A Letter for Advent 2021

In one of his best poems, Malcolm Guite writes of God’s unbounded generosity:

 

More than good measure, measure of all things

Pleroma overflowing to our need,

Fullness of glory, all that glory brings,

Unguessed-at blessing, springing from each seed

(“Good Measure” in Parable and Paradox)

 

One of the things we’ve had to get used to during the age of COVID is the way in which so many more meetings have had to be planned. During a spell in parish ministry, I found that the most fruitful things often emerged from chance meetings—a sudden insight from an impromptu chat at the school gates, encouraging words from a friend on a street corner, good news from a parishioner at the front door. For many of us during the last year or so, these unplanned rendezvous have been few and far between. Outside my family circle, most of my conversations have been pre-arranged, marked on a calendar, booked on Zoom.

This has made us at DITA especially aware of the “unguessed-at blessings” that we’ve seen “springing from seeds” planted long ago. In the last newsletter I announced that the McDonald Agape Foundation had granted us a huge gift. This partnership sprung out of an unscheduled encounter many years ago, when the Foundation’s entrepreneurial leader saw what we were trying to do and committed himself to supporting us. In Holy Week of next year, DITA will host another week of theology and arts activities in collaboration with King’s College, Cambridge. That too has its origins in a series of “chance” conversations between Duke and Cambridge ten years ago. The same goes for the book we will launch at Easter: The Art of New Creation, a feast of essays from the 2019 Symposium DITA10; many of those essays arose out of chit-chat over ad hoc cups of coffee, appointments that never got put into any calendar. In September 2022, we will be back in the Baldwin Auditorium at Duke with the New Caritas Orchestra, presenting a concert of lament and celebration. That remarkable band of Christian professional musicians was born out of two emails sent to me unexpectedly within days of each other, from two distinguished musicians who had never met.
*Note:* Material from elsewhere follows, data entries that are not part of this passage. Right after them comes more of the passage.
Lemma vJ0_tangent_jump (g : geom) (lam : nat -> P1) (D : ife) (a : R) :
  tri_nondeg g -> is_CR_basis g lam ->
  vp D = p1vadd (vm D) (p1vtimes (level g) (v2scal a (tangent g))) ->
  vJ0 g lam D = p1vadd (vm D) (p1vtimes (piCR g lam (wfun g)) (v2scal a (tangent g))).
Proof.
  intros HT HL HV.
  assert (Hw : forall j, (1 <= j <= 3)%nat -> edge_integrable (edge g j) (wfun g)).
  { intros j _. unfold edge_integrable.
    eapply ex_RInt_ext; [|apply (edge_integrable_pos_part (level g))].
    intros; simpl; rewrite wfun_pos_part; reflexivity. }
  rewrite vJ0_piCR. unfold p1vadd, p1vtimes; cbn [fst snd].
  rewrite (piCR_ext g lam _ (fun x => p1eval (fst (vm D)) x + fst (v2scal a (tangent g)) * wfun g x)),
          (piCR_ext g lam (fun x => snd (vfun g D x))
             (fun x => p1eval (snd (vm D)) x + snd (v2scal a (tangent g)) * wfun g x)),
          !piCR_add_P1 by (auto; intros; rewrite (vfun_tangent_jump g D a HV); simpl; ring).
  reflexivity.
Qed.

Lemma vJ0_dofs (g : geom) (lam : nat -> P1) (D1 D2 : ife) :
  (forall i, (1 <= i <= 6)%nat -> Ndof g D1 i = Ndof g D2 i) -> vJ0 g lam D1 = vJ0 g lam D2.
Proof.
  intros H. unfold vJ0. cbn [List.seq fold_right].
  rewrite (H 1%nat), (H 2%nat), (H 3%nat), (H 4%nat), (H 5%nat), (H 6%nat) by lia.
  reflexivity.
Qed.

(* eps(p t) n = ((grad p . n) t + (t . n) grad p) / 2 = (a rho / 2) rot_cw n,
   as t = a rot_cw n is orthogonal to n. *)
Lemma sigma_normal_add_tangent (mu q a rho : R) (v : P1v) (p : P1) (n : vec) :
  v2dot n n = 1 -> p1grad p = v2scal rho n ->
  mvec (sigma mu (p1vadd v (p1vtimes p (v2scal a (rot_cw n)))) q) n
  = v2add (v2sub (v2scal (2 * mu) (mvec (epsilon v) n)) (v2scal q n)) (v2scal (mu * a * rho) (rot_cw n)).
Proof.
  destruct v as [[c1 [g11 g12]] [c2 [g21 g22]]], p as [c [p1 p2]], n as [n1 n2].
  unfold p1grad, v2scal; simpl. intros Hn Hp. injection Hp as -> ->.
  unfold sigma, epsilon, mscal, madd, mtr, mid, p1vgrad, p1grad, p1vadd, p1vtimes, p1add, p1scal,
    mvec, rot_cw, v2dot, v2add, v2sub, v2scal; simpl.
  unfold v2dot in Hn; simpl in Hn. unfold Rdiv.
  (* nsatz treats [/ 2] as an atom *)
  assert (Ihalf : 2 * / 2 = 1) by field.
  f_equal; nsatz.
Qed.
All of this speaks of the “fullness” of God who is at work long before we plan anything, and not least in the spontaneous open-handedness shown by many who will be reading this. We have been blessed with a generosity that has “overflowed to our need,” and our gratitude is immeasurable.

Please do make a note of the events coming up this year, and do let us have your ideas, even if—perhaps especially if—they spring up out of nowhere.

This comes with warmest good wishes from all at DITA as we prepare to celebrate the birth of the ultimate “unguessed-at blessing,” Jesus our Immanuel.